[Stored data]
+ + +
Lemma X_not_decision n : (1 <= n)%nat -> X n <> d (E n).
Proof.
  intros Hn Hx.
  assert (Hb : bwd n = dpt d (E n)) by (unfold dpt; rewrite <- Hx; apply bwd_pt).
  destruct (E n) eqn:He.
  - rewrite <- bwd_0 in Hb. apply bwd_inj in Hb. lia.
  - exact (bwd_not_dpt n I2 ltac:(discriminate) Hb).
  - exact (bwd_not_dpt n I3 ltac:(discriminate) Hb).
Qed.

Lemma P1_on_step p x w : P1_on p x -> x <> d p -> step rho d (pt x p) w -> P1 rho d w.
Proof.
  intros HP Hxd Hs. pose proof (P1_on_interior p x HP) as Hx.
  destruct (P1_is_bwd _ HP) as [[|n] Hn].
  - rewrite bwd_0 in Hn. destruct (pt_inj _ _ _ _ Hx Hn) as [-> ->]. contradiction.
  - pose proof (step_bwd n) as Hs'. rewrite <- Hn in Hs'.
    destruct (step_deterministic p x w Hx Hs) as [A1 A2].
    destruct (step_deterministic p x _ Hx Hs') as [B1 B2].
    destruct (Rdichotomy x (d p) Hxd) as [Hlt|Hgt].
    + rewrite (A1 Hlt), <- (B1 Hlt). apply P1_bwd.
    + rewrite (A2 Hgt), <- (B2 Hgt). apply P1_bwd.
Qed.

Definition branch_end (p : idx) (x : R) (s : bool) : R :=
  if Rlt_dec x (d p) then (if s then d p else 0) else (if s then 1 else d p).

Lemma branch_end_dist_pos p x s : 0 < x < 1 -> x <> d p -> 0 < side_dist (branch_end p x s) x s.
Proof. intros Hx Hxd. unfold branch_end, side_dist. destruct (Rlt_dec x (d p)), s; lra. Qed.

Lemma gap_propagates n s l :
  free_side (P1_on (E n)) (X n) (negb s) l ->
  free_side (P1_on (E (S n))) (X (S n)) s
    (Rmin l (side_dist (branch_end (E (S n)) (X (S n)) s) (X (S n)) s)).
Proof.
  intros Hfree.
  destruct (bwd_pt (S n)) as [Hb Hx]. destruct (bwd_pt n) as [Hb' Hx'].
  pose proof (X_not_decision (S n) ltac:(lia)) as Hxd.
  set (p := E (S n)) in *. set (x := X (S n)) in *.
  pose proof (step_bwd n) as Hs. rewrite Hb in Hs.
  destruct (step_deterministic p x _ Hx Hs) as [A1 A2].
  pose proof (Hd p).
  unfold branch_end. destruct (Rlt_dec x (d p)) as [Hlt|Hge].
  - rewrite (A1 Hlt) in Hb'. destruct (pt_inj _ _ _ _ (gL_in p x ltac:(lra)) Hb') as [HE HX].
    rewrite <- HE, <- HX in Hfree.
    apply free_side_pullback with (g := gL p) (Q' := P1_on (nxt p)); [| lra | | exact Hfree].
    + apply (reversing_nonexpanding_narrow _ 0 1); [lra | lra | apply gL_reversing].
    + intros y Hy HP. apply (P1_on_step p y); [exact HP | lra | apply step_L; lra].
  - assert (Hgt : d p < x) by lra.
    rewrite (A2 Hgt) in Hb'. destruct (pt_inj _ _ _ _ (gR_in p x ltac:(lra)) Hb') as [HE HX].
    rewrite <- HE, <- HX in Hfree.
    apply free_side_pullback with (g := gR p) (Q' := P1_on (nxt (nxt p))); [| lra | | exact Hfree].
    + apply (reversing_nonexpanding_narrow _ 0 1); [lra | lra | apply gR_reversing].
    + intros y Hy HP. apply (P1_on_step p y); [exact HP | lra | apply step_R; lra].
Qed.

Definition branch_ends : list ((R -> Prop) * R * bool) :=
  flat_map (fun e => (P1_on e, 0, false) :: (P1_on e, d e, false) ::
                     (P1_on e, d e, true) :: (P1_on e, 1, true) :: nil)
           (I1 :: I2 :: I3 :: nil).

Lemma branch_end_in p x s : In (P1_on p, branch_end p x s, s) branch_ends.
Proof. unfold branch_end. destruct (Rlt_dec x (d p)), s, p; simpl; tauto. Qed.

(* Below the isolation constant of the finitely many branch ends, a free interval
   never gets shortened by a branch end when pulled back. *)
Lemma gap_step_uniform : exists eta0, 0 < eta0 /\ forall n s eta, eta <= eta0 ->
  free_side (P1_on (E n)) (X n) (negb s) eta -> free_side (P1_on (E (S n))) (X (S n)) s eta.
Proof.
  destruct (free_to_boundary_isolated_list branch_ends) as [eta0 [Heta0 Hiso]].
  exists eta0. split; [exact Heta0|]. intros n s eta Hle Hfree.
  pose proof (gap_propagates n s eta Hfree) as Hnext.
  set (D := side_dist (branch_end (E (S n)) (X (S n)) s) (X (S n)) s) in *.
  destruct (Rle_or_lt eta D) as [HeD|HDe]; [rewrite (Rmin_left _ _ HeD) in Hnext; exact Hnext|].
  exfalso. rewrite Rmin_right in Hnext by lra.
  assert (HD : 0 < D) by (apply branch_end_dist_pos;
    [apply bwd_pt | apply X_not_decision; lia]).
  assert (eta0 <= D)
    by exact (Hiso _ _ _ _ (branch_end_in (E (S n)) (X (S n)) s) (P1_on_bwd (S n)) HD Hnext).
  lra.
Qed.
+ + +
Directions >> Out of the records, collect only those lines that contain the string "Hiso".

Worked solution >>
  destruct (free_to_boundary_isolated_list branch_ends) as [eta0 [Heta0 Hiso]].
    by exact (Hiso _ _ _ _ (branch_end_in (E (S n)) (X (S n)) s) (P1_on_bwd (S n)) HD Hnext).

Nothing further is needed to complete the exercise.